Yet another taxing article, this one overlooked from Friday’s WSJ, “Taxes Divide National, State Republicans.”
The article observes that “even as President Bush and his national Republican Party boast of record tax cuts and vow to hold the line against future tax increases, Republicans here and elsewhere are undercutting the election-year message: They are for raising taxes.”
Unlike the Federal deficit, state and local goverments cannot run in the red. That leaves them with one of two unpalatable choices: Raise taxes or cut services. Cuts in local services such as schools or police are often felt more keenly than the budget cuts made distantly in Washington, D.C. (unless its something major, like a military base closing or an extension of unemployment benefits). Many states are worried about their bond ratings.

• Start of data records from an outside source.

Lemma inv_net_error n x : 1 < x -> Rabs (1 / x - realize1 (inv_net n) x) <= / 2 ^ n.
Proof.
  intros Hx; unfold inv_net; rewrite realize_newton_net.
  set (k := (n + 2)%nat); set (M := 2 ^ k).
  assert (HM : 4 <= M).
  { unfold M, k; rewrite pow_add; pose proof (pow_R1_Rle 2 n ltac:(lra)); simpl; lra. }
  destruct (clamp01_scaled M x ltac:(lra) Hx) as [Hu Hout].
  set (u := clamp01 (x / M)) in *; set (c := M * u) in *.
  assert (Hc : 1 <= c).
  { unfold c; apply Rmult_le_reg_l with (/ M); [apply Rinv_0_lt_compat; lra|].
    rewrite <- Rmult_assoc, Rinv_l by lra; lra. }
  set (rho := M * (M + 2) * / 4 ^ (2 * k + 2)).
  assert (Hrho : 0 <= rho <= / (8 * M)) by (apply product_error_small; unfold k; lia).
  assert (HiM : 0 < / M <= 1 / 4).
  { split; [apply Rinv_0_lt_compat; lra|].
    unfold Rdiv; rewrite Rmult_1_l; apply Rinv_le_contravar; lra. }
  assert (Hres : Rabs (1 - c * Nat.iter (k + 2 * S n) (newton_step (2 * k + 2) k u) (/ M))
                 <= / M + 2 * rho).
  { apply residual_iter.
    - intros y Hy Hy1; split; [apply clamp01_range | apply newton_step_residual; assumption].
    - lra.
    - replace (S (S n)) with k by (unfold k; lia); fold M.
      replace (c * / M) with u by (unfold c; field; lra).
      rewrite Rabs_right; lra.
    - replace (S (S n)) with k by (unfold k; lia); fold M.
      rewrite Rinv_mult in Hrho; lra. }
  set (y := Nat.iter _ _ (/ M)) in *.
  pose proof (inv_dist_le_residual c y Hc).
  replace (1 / x - y) with ((1 / x - / c) + (/ c - y)) by ring.
  eapply Rle_trans; [apply Rabs_triang|].
  assert (Hn : / M = / 2 ^ n / 4)
    by (unfold M, k; rewrite pow_add; simpl; field; apply pow_nonzero; lra).
  rewrite Rinv_mult in Hrho; lra.
Qed.

Lemma inv_net_in_NN n : in_NN (15 * n * n + 80 * n + 83) 13 1 1 (inv_net n).
Proof.
  replace (15 * n * n + 80 * n + 83)%nat
    with (3 + (n + 2 + 2 * S n) * (2 * (2 * (n + 2) + 2) + (n + 2) + 6))%nat by ring.
  apply newton_net_in_NN.
Qed.

Lemma inv_net_weights_bounded n : weights_bounded 4 (inv_net n).
Proof. apply newton_net_weights_bounded. Qed.

Lemma exists_nat_between x : 0 <= x -> exists n : nat, x < INR n <= x + 1.
Proof.
  intros Hx; destruct (archimed x) as [Hup Hup1].
  assert (Hz : (0 <= up x)%Z) by (apply le_IZR; lra).
  exists (Z.to_nat (up x)); rewrite INR_IZR_INZ, Z2Nat.id by exact Hz; lra.
Qed.

Lemma inv_pow2_lt eps n : 0 < eps -> 0 <= ln (1 / eps) -> 2 * ln (1 / eps) < INR n ->
  / 2 ^ n < eps.
Proof.
  intros Heps Hl Hn.
  assert (Hinv : 1 / eps < 2 ^ n).
  { apply ln_lt_inv; [apply Rdiv_lt_0_compat; lra | apply pow_lt; lra |].
    rewrite ln_pow by lra.
    pose proof ln_lt_2; nra. }
  replace eps with (/ (1 / eps)) by (field; lra).
  apply Rinv_lt_contravar; [|exact Hinv].
  apply Rmult_lt_0_compat; [apply Rdiv_lt_0_compat; lra | apply pow_lt; lra].
Qed.

Lemma one_le_ln_inv eps : 0 < eps < 1 / 3 -> 1 <= ln (1 / eps).
Proof.
  intros Heps; rewrite <- (ln_exp 1) at 1; left; apply ln_increasing; [apply exp_pos|].
  pose proof exp_le_3; apply Rle_lt_trans with 3; [lra|].
  apply Rmult_lt_reg_r with eps; [lra|].
  replace (1 / eps * eps) with 1 by (field; lra); lra.
Qed.

Lemma inv_net_depth_bound n l a : 1 <= l -> INR n <= 2 * l + 1 ->
  INR (15 * n * n + 80 * n + 83) <= 500 * l ^ 2 * (a ^ 2 + l ^ 2).
Proof.
  intros Hl Hn.
  rewrite plus_INR, plus_INR, !mult_INR; replace (INR 15) with 15 by (simpl; ring);
  replace (INR 80) with 80 by (simpl; ring); replace (INR 83) with 83 by (simpl; ring).
  pose proof (pos_INR n).
  assert (0 <= l ^ 2 * a ^ 2) by (apply Rmult_le_pos; apply pow2_ge_0).
  assert (INR n * INR n <= 9 * l ^ 2) by nra.
  assert (1 <= l ^ 2) by nra.
  assert (l <= l ^ 2 * l ^ 2) by nra.
  nra.
Qed.

Theorem lemma3p8 :
  exists C : R, 0 < C /\
  exists B : R, 0 < B /\
  exists eps0 : R, 0 < eps0 < 1 /\
  forall D : R, 1 < D ->
  forall eps : R, 0 < eps < eps0 ->
  exists (phi : network) (L : nat),
    in_NN L 13 1 1 phi /\
    INR L <= C * (ln (1 / eps)) ^ 2 * ((ceil (ln D)) ^ 2 + (ln (1 / eps)) ^ 2) /\
    (forall x : R, 1 < x < D -> Rabs (1 / x - realize1 phi x) <= eps) /\
    weights_bounded B phi.
Proof.
  exists 500; split; [lra|]; exists 4; split; [lra|]; exists (1 / 3); split; [lra|].
  intros D _ eps Heps.
  assert (Hl : 1 <= ln (1 / eps)) by (apply one_le_ln_inv; lra).
  destruct (exists_nat_between (2 * ln (1 / eps))) as [n [Hn1 Hn2]]; [lra|].
  exists (inv_net n), (15 * n * n + 80 * n + 83)%nat.
  split; [apply inv_net_in_NN|].
  split; [apply inv_net_depth_bound; lra|].
  split; [|apply inv_net_weights_bounded].
  intros x [Hx _]; eapply Rle_trans; [apply inv_net_error, Hx|].
  left; apply inv_pow2_lt; lra.
Qed.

Surprisingly, “only six states resisted the urge to raise taxes last year, while 15 raised them by more than 2.6%.” Anecdotally, I’ve seen this forst hand, as my real estate taxes have nearly doubled. (Although I live in Nassau County, which is not yet over 4 decades of massive corruption).
“The upshot is that taxes are creating a new divide between Republicans at the national level and those in the states, one that transcends the more familiar ideological rift between ascendant antitaxers and traditional budget-balancers. The federal-state split is particularly awkward given that the party controls both the White House and Congress and, at the same time, more statehouses than ever before.
“At the national level, it’s a settled question: Republicans don’t raise taxes. Done,” says antitax activist Grover Norquist, head of the Washington-based Americans for Tax Reform and a close ally of senior Bush adviser Karl Rove. But the states, he says, are “full of old-line Republicans” and, especially in the recently converted South, former Democrats. Both types, he says, favor bigger government and balanced budgets over lower taxes.
So while we have been talking about the coming Federal tax increases over the next few years, on the state and local levels, the tax increases are already here.